Voir les avions tomber
Jeanne Leblanc
“La beauté n’est que le commencement de l’horreur”. Une incursion dans les rêves d’un père et de sa fille.
Au crépuscule
Miryam Charles
Lors d’une sortie de classe en forêt, Charlotte est confrontée à ses démons intérieurs. S’aventurant seule dans les bois glacés, loin de la pression du groupe et de l’obligation de se nourrir, Charlotte devra malgré elle affronter sa plus grande bataille, celle contre son trouble alimentaire.
Guillaume
Carole Laganière
Lorsque Guillaume est né, son espérance de vie était de quatre jours. Il a aujourd’hui huit ans et son coeur ne tiendra plus encore très longtemps. Son autisme et son amour de la musique font de Guillaume un être d’exception, qui a une intense soif de vivre. Comme s’il savait que chaque instant pouvait être le dernier. Réalisé dans le cadre du projet Urgence.
Territoire Ishkueu Territoire Femme
Claude Hamel
Huit femmes conteuses, auteures et poètes en prestation au Festival de contes et légendes Atalukan, à Mashtueiatsh (Pointe-Bleue) au Québec. Virginia Pésémapéo Bordeleau raconte la genèse de son rapport à l’Ourse; ses oeuvres illuminent le documentaire. Joséphine Bacon et Natasha Kanapé Fontaine nous livrent leur vision du monde alors que Marie-Andrée Gill livre des poèmes d’une force brute. Sonia Robertson, directrice du festival, Alice Germain, guide d’aventure et Telesh Bégin, chamane, font découvrir leur territoire tandis que Kathia Rock offre de magnifique chants en Innu et en français.
Fuir
Carole Laganière
Fuir est tourné dans une maison pour femmes victimes de violence conjugale. C’est un film qui témoigne du courage de femmes qui pour la plupart témoignent à visage découvert.
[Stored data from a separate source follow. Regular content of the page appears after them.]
Definition DQact (V X Y : qspace) (T : Hom X Y) (l : DQobj V X) : DQobj V Y :=
  linfun (fun g : QVobj V Y => l (QVact V Y X (trset (val T)) g)).

Arguments DQact : clear implicits.

Definition phiV (V : qspace) : DQobj V V :=
  linfun (fun g : QVobj V V =>
            \sum_(S : Hom V V | val S == diagset (vec V)) g S).

(* a_V : Q_V -> D Q_V, the map corresponding to phiV by Yoneda:
   [S] |-> D Q_V(S)(phiV) *)
Definition aV (V X : qspace) : 'Hom(QVobj V X, DQobj V X) :=
  linfun (fun f : QVobj V X =>
            \sum_(S : Hom V X) (f S : F2) *: DQact V V X S (phiV V)).

Definition isoSp (V X : qspace) : {vspace DQobj V X} := limg (aV V X).

Definition isoobj (V X : qspace) : vectType F2 := subvs_of (isoSp V X).

Definition isomor (V X Y : qspace) (T : Hom X Y) (x : isoobj V X)
  : isoobj V Y :=
  vsproj (isoSp V Y) (DQact V X Y T (vsval x)).

Definition isoF (V : qspace) : fdata := FData (@isomor V).

(* Over F_2 a span is determined by its graph, and the composite of R with the
   transpose of S is the identity span exactly when R = S and the left leg of R
   is onto.  Hence a_V([S]) is the Kronecker delta at S when the left leg of S
   is onto and is 0 otherwise; iso_V is spanned by these forms, and a natural
   transformation out of iso_V is determined by its value at the image of Id_V.
   Write that value for eta : iso_V -> iso_W as sum_S f(S) a_W([S]), S : W -> V.
   Transporting by the transpose of S and evaluating at Id_W isolates f(S), and
   naturality forces it to vanish unless tr S also has an onto left leg, i.e.
   unless S is an isomorphism; so eta = 0 when V and W are not isomorphic.  If
   B : W -> V is an isomorphism, the spans with onto left leg are the graphs of
   B s, s in O(V), and precomposition with their transposes gives one natural
   transformation per isometry; the coefficients of eta(Id_V) are its
   coordinates in this basis. *)

From Pilot Require Import Defs.
From HB Require Import structures.
From mathcomp Require Import all_boot all_order all_algebra.
Set Implicit Arguments. Unset Strict Implicit. Unset Printing Implicit Defensive.
Import GRing.Theory.
Local Open Scope ring_scope.
Local Notation vec := Defs.vec.
Local Notation Hom := Defs.Hom.

Section LinearFunctions.
Variables (aT rT : vectType F2) (f : aT -> rT).
Hypothesis f_lin : linear f.

Lemma linfunE_of u : linfun f u = f u.
Proof.
pose F : {linear aT -> rT} := HB.pack f (GRing.isLinear.Build F2 aT rT *:%R f f_lin).
exact: (lfunE F u).
Qed.

Lemma linear0_of : f 0 = 0.
Proof. by rewrite -linfunE_of linear0. Qed.

Lemma linearZ_of a u : f (a *: u) = a *: f u.
Proof. by rewrite -!linfunE_of linearZ. Qed.

Lemma linear_sum_of (I : finType) (P : pred I) (F : I -> aT) :
  f (\sum_(i | P i) F i) = \sum_(i | P i) f (F i).
Proof.
by rewrite -linfunE_of linear_sum; apply: eq_bigr => i _; exact: linfunE_of.
Qed.

End LinearFunctions.

Lemma F2_cases (a : F2) : a = 0 \/ a = 1.
Proof. by case: a => [[|[|n]]] //= lt_n2; [left|right]; apply: val_inj. Qed.

Lemma addvv_F2 (U : lmodType F2) (u : U) : u + u = 0.
Proof.
have F2pchar : 2%N \in [pchar F2] by exact: pchar_Fp.
by rewrite -[u]scale1r -scalerDl (addrr_pchar2 F2pchar) scale0r.
Qed.

Lemma oppv_F2 (U : lmodType F2) (u : U) : - u = u.
Proof. by rewrite -[LHS]add0r -(addvv_F2 u) addrK. Qed.

Lemma addv_eq0 (U : lmodType F2) (u v : U) : (u + v == 0) = (u == v).
Proof. by rewrite -[u == v]subr_eq0 oppv_F2. Qed.

Section Spans.
Variables X Y : qspace.
Implicit Type S : Hom X Y.

Lemma span_mem0 S : ((0 : vec X), (0 : vec Y)) \in val S.
Proof. by case: S => S /= /and5P[]. Qed.

Lemma span_memD S x y x' y' :
  (x, y) \in val S -> (x', y') \in val S -> (x + x', y + y') \in val S.
Proof.
case: S => S /= /and5P[_ /forallP closedS _ _ _] Sxy Sxy'.
by have /implyP/(_ Sxy)/forallP/(_ (x', y'))/implyP/(_ Sxy') := closedS (x, y).
Qed.

Lemma span_memZ S a x y : (x, y) \in val S -> (a *: x, a *: y) \in val S.
Proof. by have [->|->] := F2_cases a; rewrite ?scale1r // !scale0r span_mem0. Qed.

Lemma span_fst0 S y : ((0 : vec X), y) \in val S -> y = 0.
Proof.
case: S => S /= /and5P[_ _ /forallP kerS _ _] Sy.
by have /implyP/(_ Sy)/eqP := kerS y.
Qed.

Lemma span_snd0 S x : (x, (0 : vec Y)) \in val S -> x = 0.
Proof.
case: S => S /= /and5P[_ _ _ /forallP kerS _] Sx.
by have /implyP/(_ Sx)/eqP := kerS x.
Qed.

Lemma span_qform S x y : (x, y) \in val S -> qform Y y = qform X x.
Proof.
case: S => S /= /and5P[_ _ _ _ /forallP qS] Sxy.
by have /implyP/(_ Sxy)/eqP := qS (x, y).
Qed.

Lemma span_functional S x y y' : (x, y) \in val S -> (x, y') \in val S -> y = y'.
Proof.
move=> Sxy Sxy'; have := span_memD Sxy Sxy'.
by rewrite addvv_F2 => /span_fst0/eqP; rewrite addv_eq0 => /eqP.
Qed.

Lemma span_injective S x x' y : (x, y) \in val S -> (x', y) \in val S -> x = x'.
Proof.
move=> Sxy Sx'y; have := span_memD Sxy Sx'y.
by rewrite addvv_F2 => /span_snd0/eqP; rewrite addv_eq0 => /eqP.
Qed.

Lemma spanb_intro (T : {set vec X * vec Y}) :
  ((0 : vec X), (0 : vec Y)) \in T ->
  (forall x y x' y', (x, y) \in T -> (x', y') \in T -> (x + x', y + y') \in T) ->
  (forall y, ((0 : vec X), y) \in T -> y = 0) ->
  (forall x, (x, (0 : vec Y)) \in T -> x = 0) ->
  (forall x y, (x, y) \in T -> qform X x = qform Y y) -> spanb T.
Proof.
move=> T0 TD Tfst Tsnd Tq; apply/and5P; split=> //.
- apply/forallP=> -[x y]; apply/implyP=> Txy; apply/forallP=> -[x' y'].
  exact/implyP/TD.
- by apply/forallP=> y; apply/implyP=> /Tfst ->.
- by apply/forallP=> x; apply/implyP=> /Tsnd ->.
- by apply/forallP=> -[x y]; apply/implyP=> /Tq ->.
Qed.

End Spans.

Lemma in_relcomp (A B C : finType) (S : {set A * B}) (T : {set B * C}) a c :
  ((a, c) \in relcomp S T) = [exists b, ((a, b) \in S) && ((b, c) \in T)].
Proof. by rewrite inE. Qed.

Lemma in_trset (A B : finType) (S : {set A * B}) a b :
  ((b, a) \in trset S) = ((a, b) \in S).
Proof. by rewrite inE. Qed.

Lemma in_diagset (A : finType) (a a' : A) : ((a, a') \in diagset A) = (a == a').
Proof. by rewrite inE. Qed.

Lemma relcompA (A B C D : finType) (S : {set A * B}) (T : {set B * C}) (U : {set C * D}) :
  relcomp (relcomp S T) U = relcomp S (relcomp T U).
Proof.
apply/setP=> -[a d]; rewrite !in_relcomp; apply/existsP/existsP.
  move=> [c /andP[]]; rewrite in_relcomp => /existsP[b /andP[Sab Tbc]] Ucd.
  by exists b; rewrite Sab in_relcomp; apply/existsP; exists c; rewrite Tbc.
move=> [b /andP[Sab]]; rewrite in_relcomp => /existsP[c /andP[Tbc Ucd]].
by exists c; rewrite Ucd in_relcomp andbT; apply/existsP; exists b; rewrite Sab.
Qed.

Lemma relcomp_diagr (A B : finType) (S : {set A * B}) : relcomp S (diagset B) = S.
Proof.
apply/setP=> -[a b]; rewrite in_relcomp; apply/existsP/idP => [[b']|Sab].
  by rewrite in_diagset => /andP[Sab' /eqP <-].
by exists b; rewrite Sab in_diagset eqxx.
Qed.

Lemma relcomp_diagl (A B : finType) (S : {set A * B}) : relcomp (diagset A) S = S.
Proof.
apply/setP=> -[a b]; rewrite in_relcomp; apply/existsP/idP => [[a']|Sab].
  by rewrite in_diagset => /andP[/eqP -> Sa'b].
by exists a; rewrite Sab in_diagset eqxx.
Qed.

Lemma trsetK (A B : finType) (S : {set A * B}) : trset (trset S) = S.
Proof. by apply/setP=> -[a b]; rewrite !in_trset. Qed.

Lemma trset_relcomp (A B C : finType) (S : {set A * B}) (T : {set B * C}) :
  trset (relcomp S T) = relcomp (trset T) (trset S).
Proof.
apply/setP=> -[c a]; rewrite in_trset !in_relcomp.
by apply/existsP/existsP=> -[b Hb]; exists b; move: Hb; rewrite !in_trset andbC.
Qed.

Lemma trset_diag (A : finType) : trset (diagset A) = diagset A.
Proof. by apply/setP=> -[a a']; rewrite in_trset !in_diagset eq_sym. Qed.

(* For the graph of a span [V <- D -> W], this says that D -> V is onto. *)
Definition left_total (A B : finType) (S : {set A * B}) :=
  [forall a, exists b, (a, b) \in S].

Lemma left_total_diag (A : finType) : left_total (diagset A).
Proof. by apply/forallP=> a; apply/existsP; exists a; rewrite in_diagset. Qed.

Section SpanCategory.
Variables X Y Z : qspace.

Lemma relcomp_spanb (S : Hom X Y) (T : Hom Y Z) : spanb (relcomp (val S) (val T)).
Proof.
apply: spanb_intro => [|x z x' z'|z|x|x z]; rewrite ?in_relcomp.
- by apply/existsP; exists 0; rewrite !span_mem0.
- move=> /existsP[y /andP[Sxy Tyz]] /existsP[y' /andP[Sxy' Tyz']].
  by apply/existsP; exists (y + y'); rewrite (span_memD Sxy Sxy') (span_memD Tyz Tyz').
- by move=> /existsP[y /andP[/span_fst0 -> /span_fst0]].
- by move=> /existsP[y /andP[Sxy Ty0]]; move: Sxy; rewrite (span_snd0 Ty0) => /span_snd0.
- by move=> /existsP[y /andP[/span_qform <- /span_qform <-]].
Qed.

Definition comp_span (S : Hom X Y) (T : Hom Y Z) : Hom X Z :=
  exist (@spanb X Z) _ (relcomp_spanb S T).

Lemma trset_spanb (S : Hom X Y) : spanb (trset (val S)).
Proof.
apply: spanb_intro => [|y x y' x'|x|y|y x]; rewrite ?in_trset.
- exact: span_mem0.
- exact: span_memD.
- exact: span_snd0.
- exact: span_fst0.
- exact: span_qform.
Qed.

Definition tr_span (S : Hom X Y) : Hom Y X := exist (@spanb Y X) _ (trset_spanb S).

Lemma diagset_spanb : spanb (diagset (vec X)).
Proof.
apply: spanb_intro => [|x y x' y'|y|x|x y]; rewrite ?in_diagset //.
- by move=> /eqP -> /eqP ->.
- by move=> /eqP.
- by move=> /eqP.
- by move=> /eqP ->.
Qed.

Definition id_span : Hom X X := exist (@spanb X X) _ diagset_spanb.

Lemma relcomp_trset_diagE (R S : Hom X Y) :
  (relcomp (val R) (trset (val S)) == diagset (vec X))
  = (R == S) && left_total (val R).
Proof.
apply/eqP/andP => [RS1 | [/eqP <- /forallP Rtot]].
  have common x : exists y, ((x, y) \in val R) && ((x, y) \in val S).
    have : (x, x) \in relcomp (val R) (trset (val S)) by rewrite RS1 in_diagset.
    by rewrite in_relcomp => /existsP[y]; rewrite in_trset; exists y.
  split.
    apply/eqP/val_inj/setP => -[x y]; have [y' /andP[Rxy' Sxy']] := common x.
    by apply/idP/idP => [/(span_functional Rxy') <- | /(span_functional Sxy') <-].
  by apply/forallP => x; have [y /andP[Rxy _]] := common x; apply/existsP; exists y.
apply/setP => -[x x']; rewrite in_relcomp in_diagset.
apply/existsP/eqP => [[y]|<-].
  by rewrite in_trset => /andP[Rxy Rx'y]; apply: span_injective Rxy Rx'y.
by have /existsP[y Rxy] := Rtot x; exists y; rewrite in_trset Rxy.
Qed.

End SpanCategory.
C’est une chronique avec ses hauts et ses bas, ses moments dramatiques et heureux, et au centre de laquelle se trouvent résidentes et intervenantes. L’action de Fuir se déroule sur plus de trois mois et nomme les blessures immenses des femmes violentées et la grande générosité de celles qui tentent de les réparer.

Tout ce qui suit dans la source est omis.